= What this task involves =
Find every line below with the word "Coquelicot". Then give only how many there are.

____ Source material

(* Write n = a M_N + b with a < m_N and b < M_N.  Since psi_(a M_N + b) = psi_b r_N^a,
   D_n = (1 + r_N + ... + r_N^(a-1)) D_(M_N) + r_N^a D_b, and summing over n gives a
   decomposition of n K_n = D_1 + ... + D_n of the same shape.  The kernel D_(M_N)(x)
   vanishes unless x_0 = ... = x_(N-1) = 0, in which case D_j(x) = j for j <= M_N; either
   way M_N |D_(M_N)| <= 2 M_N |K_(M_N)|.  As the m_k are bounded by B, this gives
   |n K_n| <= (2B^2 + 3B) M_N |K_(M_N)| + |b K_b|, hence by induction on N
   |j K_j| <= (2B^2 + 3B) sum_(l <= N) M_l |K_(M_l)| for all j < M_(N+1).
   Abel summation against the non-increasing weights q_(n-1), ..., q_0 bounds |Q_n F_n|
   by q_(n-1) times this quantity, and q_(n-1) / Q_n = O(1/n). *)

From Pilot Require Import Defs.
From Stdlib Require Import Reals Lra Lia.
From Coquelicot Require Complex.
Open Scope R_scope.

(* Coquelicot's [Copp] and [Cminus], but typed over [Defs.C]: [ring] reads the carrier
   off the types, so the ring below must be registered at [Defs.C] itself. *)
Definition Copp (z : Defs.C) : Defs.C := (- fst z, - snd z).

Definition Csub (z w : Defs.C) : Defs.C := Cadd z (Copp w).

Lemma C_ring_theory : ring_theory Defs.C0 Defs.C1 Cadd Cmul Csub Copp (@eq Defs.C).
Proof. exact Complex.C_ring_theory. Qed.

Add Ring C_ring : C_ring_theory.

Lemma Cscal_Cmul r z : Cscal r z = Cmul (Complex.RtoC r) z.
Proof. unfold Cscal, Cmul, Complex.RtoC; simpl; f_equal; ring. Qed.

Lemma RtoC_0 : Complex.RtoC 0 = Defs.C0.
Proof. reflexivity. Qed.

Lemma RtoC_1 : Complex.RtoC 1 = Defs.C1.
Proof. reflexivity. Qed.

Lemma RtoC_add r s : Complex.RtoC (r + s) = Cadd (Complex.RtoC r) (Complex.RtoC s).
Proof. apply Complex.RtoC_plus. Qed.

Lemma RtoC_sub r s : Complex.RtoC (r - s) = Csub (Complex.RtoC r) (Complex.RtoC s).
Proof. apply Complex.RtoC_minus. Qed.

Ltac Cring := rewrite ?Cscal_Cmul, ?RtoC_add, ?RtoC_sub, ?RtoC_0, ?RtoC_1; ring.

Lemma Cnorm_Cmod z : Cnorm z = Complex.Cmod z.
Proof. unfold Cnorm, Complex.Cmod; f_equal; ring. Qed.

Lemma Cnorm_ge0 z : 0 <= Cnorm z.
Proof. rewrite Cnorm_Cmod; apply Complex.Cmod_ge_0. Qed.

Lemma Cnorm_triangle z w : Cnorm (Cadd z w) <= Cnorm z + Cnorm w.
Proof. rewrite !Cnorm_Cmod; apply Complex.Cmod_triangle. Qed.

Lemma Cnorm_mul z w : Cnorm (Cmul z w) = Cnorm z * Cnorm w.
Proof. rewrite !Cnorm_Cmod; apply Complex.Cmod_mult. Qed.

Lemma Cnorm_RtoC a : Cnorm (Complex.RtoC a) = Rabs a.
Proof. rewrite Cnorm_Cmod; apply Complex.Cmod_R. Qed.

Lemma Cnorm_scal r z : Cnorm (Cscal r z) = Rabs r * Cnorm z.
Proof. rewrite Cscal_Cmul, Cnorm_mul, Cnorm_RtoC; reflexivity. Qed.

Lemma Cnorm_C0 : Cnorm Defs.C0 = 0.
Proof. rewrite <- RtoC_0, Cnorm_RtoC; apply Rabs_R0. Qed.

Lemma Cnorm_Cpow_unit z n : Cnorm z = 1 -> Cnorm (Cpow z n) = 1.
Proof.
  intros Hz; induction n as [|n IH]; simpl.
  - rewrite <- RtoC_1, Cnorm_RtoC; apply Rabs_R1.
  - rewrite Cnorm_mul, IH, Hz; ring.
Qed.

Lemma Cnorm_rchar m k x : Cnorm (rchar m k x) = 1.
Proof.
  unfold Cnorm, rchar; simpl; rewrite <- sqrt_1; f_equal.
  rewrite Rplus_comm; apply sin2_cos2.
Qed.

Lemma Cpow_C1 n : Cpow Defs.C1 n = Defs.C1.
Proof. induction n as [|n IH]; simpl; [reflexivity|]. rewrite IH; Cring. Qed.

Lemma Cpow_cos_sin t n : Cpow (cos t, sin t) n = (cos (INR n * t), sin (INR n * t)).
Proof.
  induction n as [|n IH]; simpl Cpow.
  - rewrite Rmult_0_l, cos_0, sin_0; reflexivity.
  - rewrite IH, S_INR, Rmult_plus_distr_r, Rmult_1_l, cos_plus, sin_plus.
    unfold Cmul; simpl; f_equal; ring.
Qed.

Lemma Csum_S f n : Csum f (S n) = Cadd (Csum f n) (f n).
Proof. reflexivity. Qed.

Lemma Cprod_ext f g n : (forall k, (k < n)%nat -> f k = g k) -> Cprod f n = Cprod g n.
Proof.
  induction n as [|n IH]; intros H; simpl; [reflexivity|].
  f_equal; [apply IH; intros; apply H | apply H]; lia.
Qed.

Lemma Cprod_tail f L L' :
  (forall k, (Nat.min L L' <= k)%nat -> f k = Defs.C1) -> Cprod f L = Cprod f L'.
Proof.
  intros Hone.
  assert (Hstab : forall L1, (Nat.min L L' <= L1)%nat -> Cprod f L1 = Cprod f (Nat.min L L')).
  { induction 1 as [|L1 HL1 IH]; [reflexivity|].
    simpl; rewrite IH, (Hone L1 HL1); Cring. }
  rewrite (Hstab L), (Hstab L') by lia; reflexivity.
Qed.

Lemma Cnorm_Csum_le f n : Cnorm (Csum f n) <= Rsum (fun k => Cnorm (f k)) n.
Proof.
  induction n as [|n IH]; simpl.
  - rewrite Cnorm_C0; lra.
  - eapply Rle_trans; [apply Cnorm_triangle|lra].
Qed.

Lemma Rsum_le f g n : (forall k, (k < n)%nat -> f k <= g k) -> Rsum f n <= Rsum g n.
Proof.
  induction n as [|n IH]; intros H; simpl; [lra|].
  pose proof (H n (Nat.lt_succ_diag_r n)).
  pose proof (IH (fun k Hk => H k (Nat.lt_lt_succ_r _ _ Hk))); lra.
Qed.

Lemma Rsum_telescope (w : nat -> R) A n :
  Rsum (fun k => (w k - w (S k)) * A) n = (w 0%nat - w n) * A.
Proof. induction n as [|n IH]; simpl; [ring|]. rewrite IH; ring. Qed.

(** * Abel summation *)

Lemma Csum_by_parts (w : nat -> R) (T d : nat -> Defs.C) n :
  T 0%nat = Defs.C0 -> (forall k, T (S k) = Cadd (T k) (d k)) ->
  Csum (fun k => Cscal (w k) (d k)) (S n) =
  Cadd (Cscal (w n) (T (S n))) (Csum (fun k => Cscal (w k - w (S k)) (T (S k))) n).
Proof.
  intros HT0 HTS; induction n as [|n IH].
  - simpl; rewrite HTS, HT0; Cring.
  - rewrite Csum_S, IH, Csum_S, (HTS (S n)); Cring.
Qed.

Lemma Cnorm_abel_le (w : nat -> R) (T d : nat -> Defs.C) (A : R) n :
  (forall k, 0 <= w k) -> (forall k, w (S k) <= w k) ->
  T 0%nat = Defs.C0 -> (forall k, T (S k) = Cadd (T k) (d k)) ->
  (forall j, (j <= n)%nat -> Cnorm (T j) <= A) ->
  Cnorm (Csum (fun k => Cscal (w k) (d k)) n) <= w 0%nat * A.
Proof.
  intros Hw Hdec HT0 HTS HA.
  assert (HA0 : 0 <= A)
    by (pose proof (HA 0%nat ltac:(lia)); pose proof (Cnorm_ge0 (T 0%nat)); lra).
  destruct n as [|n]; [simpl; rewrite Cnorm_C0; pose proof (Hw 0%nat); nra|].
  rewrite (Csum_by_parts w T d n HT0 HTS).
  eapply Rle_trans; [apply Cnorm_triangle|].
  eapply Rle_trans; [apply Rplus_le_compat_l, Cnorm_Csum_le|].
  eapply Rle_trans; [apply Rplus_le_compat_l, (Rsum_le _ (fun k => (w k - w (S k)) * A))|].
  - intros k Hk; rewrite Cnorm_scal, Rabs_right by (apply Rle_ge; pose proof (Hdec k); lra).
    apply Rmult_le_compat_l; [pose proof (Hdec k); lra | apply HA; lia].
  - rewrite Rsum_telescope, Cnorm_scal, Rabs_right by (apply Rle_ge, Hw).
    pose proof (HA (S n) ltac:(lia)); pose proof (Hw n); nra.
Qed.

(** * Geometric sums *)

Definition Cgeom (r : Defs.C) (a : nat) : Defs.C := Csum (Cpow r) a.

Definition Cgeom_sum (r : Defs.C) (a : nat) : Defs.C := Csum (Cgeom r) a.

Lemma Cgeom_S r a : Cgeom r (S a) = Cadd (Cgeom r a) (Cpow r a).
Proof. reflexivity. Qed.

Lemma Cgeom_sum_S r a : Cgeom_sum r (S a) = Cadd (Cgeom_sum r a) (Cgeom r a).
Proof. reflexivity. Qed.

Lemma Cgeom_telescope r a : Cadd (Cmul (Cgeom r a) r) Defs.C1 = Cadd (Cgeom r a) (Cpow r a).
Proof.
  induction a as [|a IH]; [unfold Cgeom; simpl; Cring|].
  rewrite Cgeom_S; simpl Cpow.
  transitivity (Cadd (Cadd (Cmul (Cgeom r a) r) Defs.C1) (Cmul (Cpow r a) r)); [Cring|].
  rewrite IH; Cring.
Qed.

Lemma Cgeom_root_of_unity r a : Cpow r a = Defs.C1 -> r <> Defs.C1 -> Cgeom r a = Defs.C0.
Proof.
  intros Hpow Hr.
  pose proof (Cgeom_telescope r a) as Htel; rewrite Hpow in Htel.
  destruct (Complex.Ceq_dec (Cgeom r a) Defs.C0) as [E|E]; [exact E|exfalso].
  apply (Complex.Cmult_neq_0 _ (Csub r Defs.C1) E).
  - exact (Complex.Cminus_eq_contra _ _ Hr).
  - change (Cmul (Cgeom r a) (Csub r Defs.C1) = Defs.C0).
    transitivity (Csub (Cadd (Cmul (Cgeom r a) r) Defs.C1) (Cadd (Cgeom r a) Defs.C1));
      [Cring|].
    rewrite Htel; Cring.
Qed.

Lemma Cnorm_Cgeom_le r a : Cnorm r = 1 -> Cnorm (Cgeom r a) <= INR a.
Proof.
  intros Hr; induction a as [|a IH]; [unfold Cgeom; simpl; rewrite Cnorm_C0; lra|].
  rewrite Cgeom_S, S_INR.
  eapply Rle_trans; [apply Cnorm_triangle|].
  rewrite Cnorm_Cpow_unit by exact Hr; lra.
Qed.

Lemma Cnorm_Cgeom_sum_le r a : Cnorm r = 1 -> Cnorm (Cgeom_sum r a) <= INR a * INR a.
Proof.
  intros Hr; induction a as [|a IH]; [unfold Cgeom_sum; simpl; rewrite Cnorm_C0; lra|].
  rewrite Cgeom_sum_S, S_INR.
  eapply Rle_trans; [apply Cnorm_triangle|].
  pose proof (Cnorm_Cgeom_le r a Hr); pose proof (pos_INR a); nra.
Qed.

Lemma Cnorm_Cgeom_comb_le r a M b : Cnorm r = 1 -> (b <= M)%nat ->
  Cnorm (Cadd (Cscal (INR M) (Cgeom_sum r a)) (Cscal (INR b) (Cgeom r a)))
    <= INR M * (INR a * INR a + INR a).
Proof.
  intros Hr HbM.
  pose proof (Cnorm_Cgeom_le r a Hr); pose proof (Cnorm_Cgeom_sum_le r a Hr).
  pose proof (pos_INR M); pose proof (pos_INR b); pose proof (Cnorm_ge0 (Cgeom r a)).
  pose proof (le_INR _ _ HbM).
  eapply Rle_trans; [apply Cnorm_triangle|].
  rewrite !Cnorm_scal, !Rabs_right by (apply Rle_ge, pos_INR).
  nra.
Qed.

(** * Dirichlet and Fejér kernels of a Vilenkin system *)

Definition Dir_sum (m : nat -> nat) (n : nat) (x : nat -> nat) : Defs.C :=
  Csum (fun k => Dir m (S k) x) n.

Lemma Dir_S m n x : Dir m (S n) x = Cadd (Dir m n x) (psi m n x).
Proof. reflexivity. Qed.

________

= Worked solution =
2